What to Do with an Abnormal Result

A positive ANA is the start of a workup, not the end. The next step is the ENA panel (extractable nuclear antigens), which tests for specific antibodies including anti-dsDNA, anti-Sm, anti-SSA/Ro, anti-SSB/La, anti-RNP, anti-Scl-70, and anti-centromere. Each one points toward a specific disease.

• Pair ANA with disease-specific antibodies: anti-dsDNA and complement C3/C4 for lupus; anti-SSA/SSB for Sjögren's; anti-Scl-70 or anti-centromere for systemic sclerosis; anti-RNP for mixed connective tissue disease.
• Add inflammation and metabolic markers: hs-CRP (high-sensitivity C-reactive protein), ESR (erythrocyte sedimentation rate), liver enzymes, and a complete blood count to assess organ involvement.
• See a rheumatologist if your ANA is 1:160 or higher, especially with symptoms like joint pain, rashes, dry eyes and mouth, Raynaud's phenomenon (fingers turning white or blue in the cold), or unexplained fatigue.
• Recheck before acting if your titer is borderline (1:80 to 1:160) and you have no symptoms. Many positives in this range turn out to be incidental.

When Results Can Be Misleading

ANA can become positive in situations that are not true autoimmune disease.

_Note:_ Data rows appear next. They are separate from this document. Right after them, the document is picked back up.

Lemma choice_fun (I T : Type) (P : I -> T -> Prop) :
  (forall i, exists x, P i x) -> exists f : I -> T, forall i, P i (f i).
Proof.
move=> H; exists (fun i => proj1_sig (constructive_indefinite_description _ (H i))) => i.
exact: proj2_sig.
Qed.

Section MainTheorem.
Variable n : nat.

Lemma uniform_weights_pos m : (0 < m)%nat -> forall k : 'I_m, 0 < / INR m.
Proof. by move=> Hm k; apply: Rinv_0_lt_compat; apply: lt_0_INR; apply/ltP. Qed.

Lemma average_in_conv (M : mat n -> Prop) m (B : 'I_m -> mat n) :
  (0 < m)%nat -> (forall k, M (B k)) -> conv M (mcomb (fun _ => / INR m) B).
Proof.
move=> Hm HB; exists m, (fun _ => / INR m), B; split; last split => //.
  by move=> k; apply: Rlt_le; exact: uniform_weights_pos.
rewrite sumR_const; field; apply: not_0_INR; move: Hm; lia.
Qed.

Variable K : vec n -> Prop.
Hypothesis HK : proper_cone K.

Lemma face_convex_cone F : is_face K F -> is_cone F /\ convex_set F /\ F vzero.
Proof. by move=> HF; case: (HF) => [Fc [Fcv _]]; split; [|split; [|exact: (face0 HK HF)]]. Qed.

Lemma conv_invariant (M : mat n -> Prop) (G : vec n -> Prop) A :
  is_cone G -> convex_set G -> G vzero ->
  (forall B, M B -> maps_into B G) -> conv M A -> maps_into A G.
Proof.
move=> Gc Gcv G0 HMG [m [w [B [Hw [_ [HB ->]]]]]] x Gx.
by rewrite (mv_mcomb w B); apply: (cone_comb Gc Gcv G0) => // k; apply: HMG.
Qed.

Lemma no_common_invariant (M : mat n -> Prop) (T : (vec n -> Prop) -> vec n -> Prop) A :
  (forall F, nontrivial_face K F -> is_cone (T F) /\ convex_set (T F) /\ T F vzero) ->
  conv M A -> ~ (exists F, nontrivial_face K F /\ maps_into A (T F)) ->
  forall F, nontrivial_face K F -> exists B, M B /\ ~ maps_into B (T F).
Proof.
move=> HT HA Hirr F HF; apply: NNPP => Hall; apply: Hirr; exists F; split => //.
have [Tc [Tcv T0]] := HT F HF.
apply: (conv_invariant Tc Tcv T0 _ HA) => B MB.
by apply: NNPP => HB; apply: Hall; exists B.
Qed.

(* If a positive combination of members of pi(K) maps a face F into itself,
   then so does each member (by the face property), which therefore leaves
   span F invariant. *)
Lemma summands_span_invariant F m (w : 'I_m -> R) (C : 'I_m -> mat n) :
  is_face K F -> (forall k, 0 < w k) -> (forall k, piK K (C k)) ->
  maps_into (mcomb w C) F -> forall k, maps_into (C k) (span F).
Proof.
move=> HF Hw HC HCF k; apply: span_invariant => u Fu; apply: span_in.
have := HCF u Fu; rewrite mv_mcomb => Hsum.
apply: (face_comb_split HK HF _ _ Hsum (Hw k)) => j; first exact: Rlt_le (Hw j).
by apply: HC; exact: face_sub_K HF _ Fu.
Qed.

• Recent infections: in a study of 9,320 patients, ANA was found in many people with active infections without rheumatic disease, suggesting transient immune activation can produce false positives.
• Drug-induced ANA: TNF-α inhibitors (a class of biologics like infliximab used for rheumatoid arthritis and inflammatory bowel disease) frequently raise ANA titers. In one study, ANA at 1:160 or higher rose from 14% to 57% of patients on infliximab who developed antibodies to the drug. This shift usually does not mean true lupus.
• Hydralazine and other older drugs can cause drug-induced lupus syndrome, which differs from spontaneous lupus and usually resolves after stopping the medication.
• Assay variation: different laboratories and methods (HEp-2 immunofluorescence vs solid-phase assays) can produce different results on the same sample. ANA-negativity in established lupus has ranged from about 5% to 22% across test kits.

Who Should Order This Test

ANA testing is most useful when there is real clinical suspicion of autoimmune disease, a family history of lupus or another connective tissue disease, unexplained recurrent miscarriages, or persistent symptoms like joint pain, fatigue, photosensitive rashes, or sicca symptoms (severe dry eyes and dry mouth). Broad screening of asymptomatic, low-risk people produces many positives that lead nowhere, but targeted use in higher-risk groups (women of childbearing age with symptoms, family members of people with lupus) can catch disease early enough to change its course.